Paying high tribute to the work of the Joint Distribution Committee, Charles P. Taft, chairman of the State Department Advisory Committee on Voluntary Foreign Aid, told the Assembly today that the services of private relief agencies for needy persons in Europe will be required at the present rate for at least five years.

Taft warned the delegates not to discount the feeling of some members of Congress that, with the housing shortage what it is no displased persons should be admitted to this country. “A real presentation of facts is needed as well as the competence of welcoming agencies to educate and absorb the newcomers,” he said. “I have faith in Congress, if such a presentation is made on the widest basic of realistic and intelligent good will.” Emphasizing that two-thirds of the displaced persons in Europe are not Jews, but Christians, he declared that no country except possibly Brazil has welcomed any of these refugees.

EXISTENCE OF JEWISH COMMUNITIES IN WESTERN EUROPE SEEMS ASOURED

Dr. Nathan Reich, addressing the General Assembly on the position of the Jews in Europe, declared that in Western Europe conditions have become sufficiently stabilized to assume the continued existence of a Jewish community. However, the situation in Eastern Europe calls for “a two-fold program of basic relief during the present unsettled period coupled with a program for economic reconstruction,” he said.

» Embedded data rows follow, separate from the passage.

Lemma Ainfconst_ge1 {w : T -> R} (x : T) : in_Ainf dist mu w ->
  1 <= fine (Ainfconst dist mu w).
Proof.
case=> wW Aoo; set B := qball dist x 1.
have [m hm m0] := qball_measure_fin x ltr01.
have [W hW W0] := weight_qball_fin x wW ltr01.
have [w0 _ _ _] := wW.
have average_le y : B y ->
    ((W / m)%:E <= maximal dist mu (fun z => (\1_B z * w z)%R) y)%E.
  move=> By; apply: ereal_sup_ubound; exists x, 1; split => //; split => //.
  rewrite hm inver gt_eqF // EFinM -hW; congr (_ * _)%E.
  apply: eq_integral => z /[!inE] Bz.
  by rewrite indicE mem_set // mul1r ger0_norm.
have W_le : (W%:E <= \int[mu]_(y in B) maximal dist mu (fun z => (\1_B z * w z)%R) y)%E.
  have cst_ge0 y : B y -> (0 <= (W / m)%:E)%E by rewrite lee_fin divr_ge0 ?ltW.
  have := ge0_le_integral_nonmeas mu B (cst (W / m)%:E) _ cst_ge0 average_le.
  by rewrite integral_cst ?hm -?EFinM ?mulfVK ?gt_eqF //; exact: measurable_qball.
have A1 : (1 <= Ainfconst dist mu w)%E.
  have B_le : ((\int[mu]_(y in B) maximal dist mu (fun z => (\1_B z * w z)%R) y)
      / wmeas mu w B <= Ainfconst dist mu w)%E.
    by apply: ereal_sup_ubound; exists x => //; exists 1 => /=; rewrite ?ltr01.
  apply: le_trans B_le; rewrite hW -[1%E](@divee _ W%:E) ?gt_eqF //.
  by apply: lee_wpmul2r W_le; rewrite inve_ge0 lee_fin ltW.
by rewrite -lee_fin fineK // ge0_fin_numE ?Aoo // (le_trans _ A1).
Qed.

Context {cd : R}.
Hypothesis cd1 : 1 <= cd.
Theorem mainTheorem5 (q m n r1 r2 a : nat)
  (Hq : prime_power q) (Hq2 : (2 < q)%N) (Hm : (1 <= m)%N)
  (Hn : n = (q ^ m - 1)%N) (Hr : n = (r1 * r2)%N)
  (Hr1 : (1 < r1)%N) (Hr2 : (1 < r2)%N) (Hcop : coprime r1 r2)
  (Ha : r1 = (q ^ a - 1)%N)
  (T : 'Z_n -> 'Z_r1 * 'Z_r2)
  (HTadd : forall x y, T (x + y) = T x + T y) (HTbij : bijective T)
  (Dbar U : {set 'Z_n})
  (HDbar : suitable q n r1 r2 T (Dstar q m n) Dbar)
  (H1D : 1 \in Dbar) (H2D : 2%:R \in Dbar)
  (HU : complete_reps (simcls n r1) Dbar U)
  (H1U : 1 \in U) (H2U : 2%:R \in U) :
  #|U| = (2 + #|[set qcoset q r1 (T e).1 | e in U :&: B2 q m n]|)%N /\
  (2 + #|[set qcoset q r1 (T e).1 | e in U :&: B2 q m n]|)%N = (2 + a %/ 2)%N.
Proof.
pose f z := (T z).1.
have f_add x y : f (x + y) = f x + f y by rewrite /f HTadd.
have f_unit : f 1 \is a GRing.unit.
  by apply: additive_Zp_unit f_add _; case: HTbij => T' _ TT'; exists (T' (1, 0)); rewrite /f TT'.
have r1_dvd_n : (r1 %| n)%N by rewrite Hr dvdn_mulr.
case: HDbar => Dbar_sub [_ [_ Dbar_reps]]; rewrite -!imset_comp in Dbar_reps.
split; first exact: (card_U_classes_B2 Hq2 Hn Ha Hr1 f_add f_unit Dbar_sub Dbar_reps HU H1U H2U).
rewrite (classes_U_B2 Hq2 Hm Hn Ha Hr1 r1_dvd_n f_add f_unit Dbar_sub Dbar_reps HU H1U H2U).
by rewrite (card_qcoset_1Dqpow Hq2 Ha Hr1 f_unit).
Qed.
Lemma signless_laplacian_unit : (2 < n)%N -> signless_laplacian \in unitmx.
Proof.
move=> n_gt2; rewrite -row_free_unit; apply: inj_row_free => x xL0.
have pair0 a b : b != a -> x 0 a + x 0 b = 0.
  move=> ba.
  have quad0 : \sum_a \sum_(b | b != a) w a b * (x 0 a + x 0 b) ^+ 2 = 0.
    by rewrite -signless_laplacian_quad xL0 mul0mx mxE mulr0.
  have term_ge0 a' b' : b' != a' -> 0 <= w a' b' * (x 0 a' + x 0 b') ^+ 2.
    by move=> b'a'; rewrite mulr_ge0 ?sqr_ge0 // ltW // w_gt0 // eq_sym.
  have row0 := psumr_eq0P (fun a' _ => sumr_ge0 _ (term_ge0 a')) quad0 (i := a) isT.
  have /eqP := psumr_eq0P (term_ge0 a) row0 (i := b) ba.
  have ab : a != b by rewrite eq_sym.
  by rewrite mulf_eq0 (gt_eqF (w_gt0 ab)) sqrf_eq0 => /eqP.
apply/rowP => a; rewrite mxE.
have [b [c [ba ca cb]]] : exists b c : 'I_n, [/\ b != a, c != a & c != b].
  pose o k (k_lt3 : (k < 3)%N) : 'I_n := Ordinal (leq_trans k_lt3 n_gt2).
  have [a0|a_neq0] := eqVneq (val a) 0%N.
    by exists (o 1%N isT), (o 2%N isT); split; rewrite -val_eqE ?a0.
  have [a1|a_neq1] := eqVneq (val a) 1%N.
    by exists (o 0%N isT), (o 2%N isT); split; rewrite -val_eqE ?a1.
  by exists (o 0%N isT), (o 1%N isT); split; rewrite -val_eqE //= eq_sym.
have := pair0 _ _ ba; have := pair0 _ _ ca; have := pair0 _ _ cb; lra.
Qed.
End SignlessLaplacian.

Dr. Reich predicted that 1947 “will accelerate the emphasis on reconstruction as well as ultimate settlement.” At the same time, he pointed out that the long-range problem of reconstruction for European Jewry “admits of no simple solution” and will require “an elastic, varying approach” in line with varying economic and political conditiins.

A special session on cultural problem of American Jewry was addressed by Dr. Leo Srole, Professor of Sociology at Hobart College, Ralph Samuel of New York, Alan Lowenstein of Newark, Elliot D. Cohen of New York, editor of Commentary, Dr. Leo L. Honor of Philadelphia, and Rabbi Levi A. Olan of Worcester, Massachusetts.

Stanley C. Myers, who was re-elected president of the CJFWF, declared last night that American Jewry, which raised over $140,000,000 in 1946, will be asked to give more than ever before in its history to meet the unprecedented needs overseas and at home. He pointed out that the huge sum raised in the past year could not have been obtained were it not for the central Jewish community organizations — the federations, welfare funds and community councils.

CENTRAL JEWISH STRUCTURES IN U.S. CALLED INDIGENOUS TO AMERICAN SOIL

Alan V. Lowenstein, chairman of the constitutional committee of the Jewish Community Council of Essex County, N.J., told the delegates that central Jewish structures in the United States have been evolving as part and parcel of the democratic way of life, indigenous to American soil, and were not merely the transplanting of European patterns of an estabilished culture. Citing democratic processes as the major guiding principle in the continuing development of central Jewish communal organizations, he said that this organization “must always remain open to all porsons who call themselves Jews and who wish to participate,no matter what Judaism might mean to any individual or group of individuals.”

A report on the life of Jews in DP camps was given at a luncheon yesterday by Herbert R. Abeles of Newark, who recently returned from a visit to the camps. He said that in many instances the displaced Jews live under sub-human conditions and that most of the 26,000 Jewish children in the camps suffer from malnutrition. “The situation of the displaced Jews, ” he reported, “is desperate because many of them feel that they will have to wait not months but years to find a place that they can truly call home,” he said.

Others who spoke at the luncheon included Moses A. Leavitt, executive chairman of the J.D.C., Joseph E. Beck, executive director of the United Service for New Americans, and Dr. Martin Rosenbluth, director of information of the United Palestine Appeal.

All the officers of the CJFWF, headed by Mr. Myers, were re-elected.